Currency is often overlooked. Many Americans continue to receive income in US dollars while living in a euro-based economy. Exchange rates can significantly affect lifestyle over time. A strong dollar can feel like a bonus; a weak one can quietly erode purchasing power.
There is also a behavioural shift required. In the US, retirement planning often focuses on tax efficiency within the US system. Once you move to France, the focus becomes cross-border efficiency, where decisions must work in both systems simultaneously.
The tax reality: two countries, one financial life
Perhaps the most important—and often underestimated—aspect of retiring to France as an American is tax reporting.
Unlike most nationalities, US citizens remain subject to US tax obligations regardless of where they live. That means that retiring to France does not replace your US tax responsibilities; it adds a second layer.
You will typically have:
US tax filing obligations (IRS)
French tax filing obligations (Impôts)
France considers you a tax resident if it is your main place of living or the centre of your life. Once that threshold is crossed, you are expected to declare your worldwide income in France.
This includes:
Social Security
Pension withdrawals
Investment income
Interest and dividends
Rental income
France and the United States have a double taxation treaty, which is designed to prevent the same income being taxed twice. However, this does not mean you only file in one country. It means that the two systems interact through credits and allocation rules.
In practice, you will likely:
Declare all income in France
Declare all income in the US
Use treaty provisions and foreign tax credits to avoid double taxation
In addition to income reporting, there is also asset reporting.
France requires the declaration of all non-French accounts, including:
US bank accounts
Brokerage accounts
Retirement accounts (in some cases depending on structure)
Failure to declare these can result in penalties, so this is not an area to overlook.
At the same time, the US has its own reporting requirements for foreign accounts, such as FBAR (FinCEN Form 114)and potentially FATCA reporting.
What this means in reality is that retiring to France as an American involves living within two tax systems at once. It is manageable, but it requires organisation, awareness and often professional support.
Bringing it all together
So what does a well-planned retirement to France from the US actually look like?
It begins with clarity on the visa: the long-stay visitor visa is the most common route, built on financial independence and a commitment not to work.
It continues with a healthcare strategy that recognises there is no S1 safety net. You start with private insurance and transition, where eligible, into the French system.
It includes a deep understanding of pensions and investments—not just what they produce, but how they are taxed, when they should be accessed, and how currency affects them.
And it rests on accepting that tax does not become simpler. It becomes broader. You are no longer operating within one national framework, but two, connected by treaty but still distinct.

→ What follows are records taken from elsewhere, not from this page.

(* Let $C$ be a finite dimensional CAT(0) cube complex with no facing triples, let $g$ be a hyperbolic cubical automorphism of $C$ and let $\mathfrak h$ be a hyperplane of $C$. Then either $g$ skewers $\mathfrak h$ or there is $n\in\mathbb N$, $n\ge1$, with $g^n\mathfrak h=\mathfrak h$.
   Context: A cubical automorphism is hyperbolic if it fixes no point of $C$. For a hyperplane $\mathfrak h$ with halfspaces $\mathfrak h^+,\mathfrak h^-$, $g$ skewers $\mathfrak h$ if there is $n\ge1$ with $g^n\mathfrak h^+\subsetneq\mathfrak h^+$ or $g^n\mathfrak h^-\subsetneq\mathfrak h^-$. A facing triple is a triple of pairwise disjoint hyperplanes none of which separates the other two. *)

(* A CAT(0) cube complex C is encoded by its 1-skeleton, a
   median graph (Chepoi / Roller / Gerasimov: 1-skeleta of CAT(0) cube
   complexes are exactly median graphs, and C is recovered by filling in cubes).
   Cubical automorphisms of C = graph automorphisms of the 1-skeleton.
   Halfspaces = convex vertex sets with convex nonempty complement; a
   hyperplane is the unordered pair {H, complement H} of a halfspace. *)
From Stdlib Require Import Reals List Arith.
Open Scope R_scope.

Definition vset (V : Type) := V -> Prop.
Lemma anchor_pre_eq a i j : d (pre p i) = a -> d (pre p j) = a -> M i <= j ->
  same_G d v pref a (pre p i) (pre p j) -> M j = M i.
Proof.
  intros Hi Hj Hij HG.
  destruct (anchor_pre i) as [Mi1 [Mi2 Mi3]]. destruct (anchor_pre j) as [Mj1 [Mj2 Mj3]].
  rewrite Hi in Mi2, Mi3. rewrite Hj in Mj2, Mj3.
  assert (Hle : M j <= M i).
  { apply anchor_pre_le; [exact Hij|congruence|]. rewrite Hj. intros o. rewrite (Mi3 o). apply HG. }
  apply Nat.le_antisymm; [exact Hle|].
  apply anchor_pre_le; [lia|congruence|]. rewrite Hi. intros o. rewrite (Mj3 o). symmetry. apply HG.
Qed.

Lemma greedy_play_follows a n m (e : d (pre p m) = a) : d (pre p n) = a -> M n <= m ->
  same_G d v pref a (pre p n) (pre p m) -> p m = optimal a (pre p (M n)) (pre p m) e.
Proof. intros Hn Hnm HG. now rewrite (greedy_play_at a m e), (anchor_pre_eq a n m). Qed.

(* Between the last own position [n] before [j] and its anchor, the play follows
   [optimal a (pre p (M n))], whose guarantee at [pre p (M n)] is [G] at [n]. *)
Lemma G_greedy_antitone a i j : i <= j -> d (pre p i) = a -> d (pre p j) = a ->
  forall o, G a (pre p j) o -> G a (pre p i) o.
Proof.
  revert i. induction j as [j IH] using lt_wf_ind. intros i Hij Hi Hj o Ho.
  destruct (Nat.eq_dec i j) as [->|Hne]; [exact Ho|].
  destruct (last_below (fun k => d (pre p k) = a) i j) as [n [Hn [Pn Hlast]]];
    [lia|exact Hi|].
  destruct (anchor_pre n) as [Mn1 [Mn2 Mn3]]. rewrite Pn in Mn2, Mn3.
  apply (IH n ltac:(lia) i); [lia|exact Hi|exact Pn|].
  apply Mn3, optimal_spec.
  apply (g_prefix d v pref a _ p (M n) j); [lia| |now apply optimal_spec].
  intros m e Hm1 Hm2.
  assert (Hmn : m <= n)
    by (destruct (le_lt_dec m n); [assumption|exfalso; exact (Hlast m ltac:(lia) e)]).
  symmetry. apply greedy_play_follows; auto. intros o'. split; intros HG.
  - apply (IH n ltac:(lia) m); auto.
  - apply Mn3. apply (IH m ltac:(lia) (M n)); auto.
Qed.

Lemma G_greedy_play a n : d (pre p n) = a -> G a (pre p n) (v p).
Proof.
  intros Hn.
  destruct (classic (exists N, n <= N /\ d (pre p N) = a /\
    forall m, N <= m -> d (pre p m) = a -> same_G d v pref a (pre p m) (pre p N)))
    as [[N [HnN [HN Hstable]]]|Hunstable].
  - (* from [M N] on, [p] is a play of [optimal a (pre p (M N))] *)
    apply (G_greedy_antitone a n N HnN Hn HN).
    destruct (anchor_pre N) as [MN1 [MN2 MN3]]. rewrite HN in MN2, MN3.
    apply MN3, optimal_spec, g_own_play; [apply pref_irrefl|].
    intros m e Hm. symmetry. apply greedy_play_follows; auto.
    destruct (le_lt_dec N m) as [HNm|HmN].
    + intros o. symmetry. now apply Hstable.
    + intros o. split; intros HG.
      * apply (G_greedy_antitone a m N); auto; lia.
      * apply MN3. now apply (G_greedy_antitone a (M N) m).
  - set (Pos k := n <= k /\ d (pre p k) = a).
    destruct (chain_choice Pos
      (fun k k' => k < k' /\ exists o, G a (pre p k) o /\ ~ G a (pre p k') o) n)
      as [phi [H0 Hphi]]; [split; auto| |].
    + intros k [Hnk Hk].
      assert (Hm : exists m, k <= m /\ d (pre p m) = a /\ ~ same_G d v pref a (pre p m) (pre p k)).
      { apply NNPP. intros Hno. apply Hunstable. exists k. split; [exact Hnk|]. split; [exact Hk|].
        intros m Hkm Hm. apply NNPP. intros Hs. apply Hno. now exists m. }
      destruct Hm as [m [Hkm [Hm Hs]]].
      assert (Ho : exists o, G a (pre p k) o /\ ~ G a (pre p m) o).
      { apply NNPP. intros Hno. apply Hs. intros o.
        split; [now apply (G_greedy_antitone a k m)|].
        intros HG. apply NNPP. intros HGm. apply Hno. now exists o. }
      exists m. split; [split; [lia|exact Hm]|]. split; [|exact Ho].
      destruct (Nat.eq_dec k m) as [<-|]; [|lia].
      destruct Ho as [o [? ?]]; contradiction.
    + rewrite <- H0. apply (G_limit a p phi); [intros k; apply Hphi|].
      intros k. destruct (Hphi k) as [[_ Hk] [Hlt Ho]].
      destruct (Hphi (S k)) as [[_ Hk'] _].
      repeat split; auto. intros o. apply (G_greedy_antitone a); auto; lia.
Qed.
(* Under the standing setting and assumptions (A1)–(A3) described in the context, assume that the acceptance set $\mathcal A$ is polyhedral. Then the optimal payoff map $\mathcal R$ is lower semicontinuous at every $X\in\mathcal X$.
   Context: Let $\mathcal X$ be a Hausdorff, first countable, locally convex topological vector space over $\mathbb R$ with topological dual $\mathcal X'$, partially ordered by a partial order $\geq$ with positive cone $\mathcal X_+=\{X\in\mathcal X: X\geq 0\}$. Let $\mathcal M\subset\mathcal X$ be a vector subspace with $1<\dim\mathcal M<\infty$, carrying the relative topology, and let $\pi:\mathcal M\to\mathbb R$ be linear. Standing assumptions: (A1) there is $U\in\mathcal M\cap\mathcal X_+$ with $\pi(U)=1$; (A2) $\mathcal A\subsetneq\mathcal X$ is closed, contains $0$, and satisfies $\mathcal A+\mathcal X_+\subset\mathcal A$; (A3) the map $\rho:\mathcal X\to[-\infty,\infty]$, $\rho(X)=\inf\{\pi(Z): Z\in\mathcal M,\ X+Z\in\mathcal A\}$, is finitely valued and continuous. The optimal payoff map $\mathcal R:\mathcal X\rightrightarrows\mathcal M$ is $\mathcal R(X)=\{Z\in\mathcal M: X+Z\in\mathcal A,\ \pi(Z)=\rho(X)\}$. A set is polyhedral if it is a finite intersection of sets $\{X\in\mathcal X:\varphi(X)\geq\alpha\}$ with $\varphi\in\mathcal X'$, $\alpha\in\mathbb R$. $\mathcal R$ is lower semicontinuous at $X$ if for every open $\mathcal U\subset\mathcal M$ with $\mathcal R(X)\cap\mathcal U\neq\emptyset$ there is an open neighborhood $\mathcal U_X$ of $X$ in $\mathcal X$ such that $\mathcal R(Y)\cap\mathcal U\neq\emptyset$ for all $Y\in\mathcal U_X$. *)

From HB Require Import structures.
From mathcomp Require Import all_boot all_order all_algebra.
From mathcomp Require Import all_classical all_reals all_analysis.
Set Implicit Arguments. Unset Strict Implicit. Unset Printing Implicit Defensive.
Import Order.TTheory GRing.Theory Num.Theory numFieldNormedType.Exports.
Local Open Scope classical_set_scope.
Local Open Scope ring_scope.

Section Defs.
Context {R : realType} {E : tvsType R}.

Definition first_countable : Prop :=
  forall x : E, exists B : nat -> set E,
    (forall n, nbhs x (B n)) /\ (forall V, nbhs x V -> exists n, B n `<=` V).

Definition partial_order (ge : E -> E -> Prop) : Prop :=
  [/\ forall x, ge x x,
      forall x y, ge x y -> ge y x -> x = y &
      forall x y z, ge x y -> ge y z -> ge x z].

Definition positive_cone (ge : E -> E -> Prop) : set E := [set x | ge x 0].

Definition dual_elt (phi : E -> R) : Prop :=
  (forall (a : R) (x y : E), phi (a *: x + y) = a * phi x + phi y) /\
  continuous phi.

Definition polyhedral (S : set E) : Prop :=
  exists (n : nat) (phi : 'I_n -> E -> R) (alpha : 'I_n -> R),
    (forall i, dual_elt (phi i)) /\
    S = [set x | forall i, alpha i <= phi i x].

Definition vector_subspace (M : set E) : Prop :=
  M 0 /\ forall (a : R) x y, M x -> M y -> M (a *: x + y).

Definition has_dim (M : set E) (n : nat) : Prop :=
  exists b : 'I_n -> E,
    [/\ forall i, M (b i),
        (forall c : 'I_n -> R, \sum_(i < n) c i *: b i = 0 -> forall i, c i = 0) &
        forall x, M x -> exists c : 'I_n -> R, x = \sum_(i < n) c i *: b i].

(* linear map on the subspace M (values of pi outside M are irrelevant) *)
Definition linear_on (M : set E) (pi : E -> R) : Prop :=
  forall (a : R) x y, M x -> M y -> pi (a *: x + y) = a * pi x + pi y.

Definition rho (M : set E) (pi : E -> R) (A : set E) (X : E) : \bar R :=
  ereal_inf [set (pi Z)%:E | Z in [set Z | M Z /\ A (X + Z)]].

Definition optR (M : set E) (pi : E -> R) (A : set E) (X : E) : set E :=
  [set Z | [/\ M Z, A (X + Z) & (pi Z)%:E = rho M pi A X]].

(* lower semicontinuity at X; open subsets of M (relative topology) are M `&` O
   with O open in E *)
Definition lsc_at (M : set E) (F : E -> set E) (X : E) : Prop :=
  forall O : set E, open O ->
    F X `&` (M `&` O) !=set0 ->
    exists UX : set E, [/\ open UX, UX X &
      forall Y, UX Y -> F Y `&` (M `&` O) !=set0].

End Defs.

From HB Require Import structures.
From mathcomp Require Import all_boot all_order all_algebra.
From mathcomp Require Import all_classical all_reals all_analysis.
From mathcomp Require Import ring lra.
Import Order.TTheory GRing.Theory Num.Theory numFieldNormedType.Exports.
Local Open Scope classical_set_scope.
Local Open Scope ring_scope.

(* Fix a basis [b] of [M] and write [A = {phi_k >= alpha_k}].
   A payoff [Z = sum_i c_i b_i] is optimal at [X] iff the unknowns
   [(t, c)] satisfy the finite linear system
     [phi_k (X + Z) >= alpha_k],  [pi Z <= t],  [t <= rho X],
   whose right-hand sides depend continuously on [X] by (A3).  Fourier-Motzkin
   elimination of the last unknown turns a parametric system into one with
   fewer unknowns and again continuous right-hand sides; the eliminated
   unknown can then be chosen as the admissible value closest to a given one,
   which depends continuously on the data.  By induction on the number of
   unknowns, solutions of such a system near a parameter [p0] can be taken
   close to any solution at [p0] (as soon as the system is solvable).
   Solvability at every [X] holds because the projection of a polyhedron on
   the price axis is again a polyhedron, so the infimum [rho X] is attained.
   Only the basis of [M], the polyhedrality of [A] and (A3) are needed. *)

Section ParametricSystem.
Context {R : realType} {T : topologicalType}.

Definition dotn n (a z : nat -> R) : R := \sum_(j < n) a j * z j.

Lemma dotnS n a z : dotn n.+1 a z = dotn n a z + a n * z n.
Proof. by rewrite /dotn big_ord_recr. Qed.

Lemma eq_dotn {n} a {z z'} : (forall j, (j < n)%N -> z j = z' j) ->
  dotn n a z = dotn n a z'.
Proof. by move=> zz'; apply: eq_bigr => j _; rewrite zz'. Qed.

Lemma dotnBr n a z z' : dotn n a z - dotn n a z' = dotn n a (fun j => z j - z' j).
Proof. by rewrite /dotn -sumrB; apply: eq_bigr => j _; rewrite mulrBr. Qed.

Lemma dotn_combl n x y a a' z :
  dotn n (fun j => x * a j - y * a' j) z = x * dotn n a z - y * dotn n a' z.
Proof. by rewrite /dotn !mulr_sumr -sumrB; apply: eq_bigr => j _; ring. Qed.

Lemma norm_dotn_le n a z d : (forall j, (j < n)%N -> `|z j| <= d) ->
  `|dotn n a z| <= (\sum_(j < n) `|a j|) * d.
Proof.
move=> zd; rewrite mulr_suml; apply: le_trans (ler_norm_sum _ _ _) _.
by apply: ler_sum => j _; rewrite normrM ler_wpM2l // zd.
Qed.

Record lsystem := LSystem {
  lsys_index : finType;
  coef : lsys_index -> nat -> R;
  rhs : lsys_index -> T -> R }.
Arguments LSystem {lsys_index}.
Arguments coef {l}.
Arguments rhs {l}.

Definition solves n (S : lsystem) p z := forall i : lsys_index S, rhs i p <= dotn n (coef i) z.

Lemma eq_solves {n S p z z'} : solves n S p z ->
  (forall j, (j < n)%N -> z j = z' j) -> solves n S p z'.
Proof. by move=> Sz zz' i; rewrite -(eq_dotn (coef i) zz'). Qed.

Section FourierMotzkin.
Variables (n : nat) (S : lsystem).
Local Notation I := (lsys_index S).
Local Notation a := (@coef S).
Local Notation b := (@rhs S).

Definition fm_index : finType :=
  ({i : I | a i n == 0} + {i : I | 0 < a i n} * {i : I | a i n < 0})%type.

Definition fm_coef (k : fm_index) : nat -> R :=
  match k with
  | inl i => a (val i)
  | inr (l, u) => fun j => a (val l) n * a (val u) j - a (val u) n * a (val l) j
  end.

Definition fm_rhs (k : fm_index) : T -> R :=
  match k with
  | inl i => b (val i)
  | inr (l, u) => fun p => a (val l) n * b (val u) p - a (val u) n * b (val l) p
  end.

Definition fm := LSystem fm_coef fm_rhs.

Lemma fm_solves {p z} : solves n.+1 S p z -> solves n fm p z.
Proof.
move=> Sz [[i /= /eqP ai0]|[[l /= lpos] [u /= uneg]]] /=.
  by have := Sz i; rewrite dotnS ai0 mul0r addr0.
have := Sz l; have := Sz u; rewrite !dotnS dotn_combl; nra.
Qed.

The reality behind the dream
And yet, despite all of this, the appeal remains strong.
Because once the systems are in place, once the visa is secured, once the healthcare is arranged, once the tax rhythm becomes familiar, what remains is the life you came for.
The morning market. The slower pace. The sense that retirement is not an ending, but a rebalancing.
France does not remove complexity. But it does offer something in return that many feel is worth the effort: a different way of living, where time feels less pressured, and life feels a little more intentional.
And for those who approach it with preparation rather than assumption, it is not just possible—it can be deeply rewarding.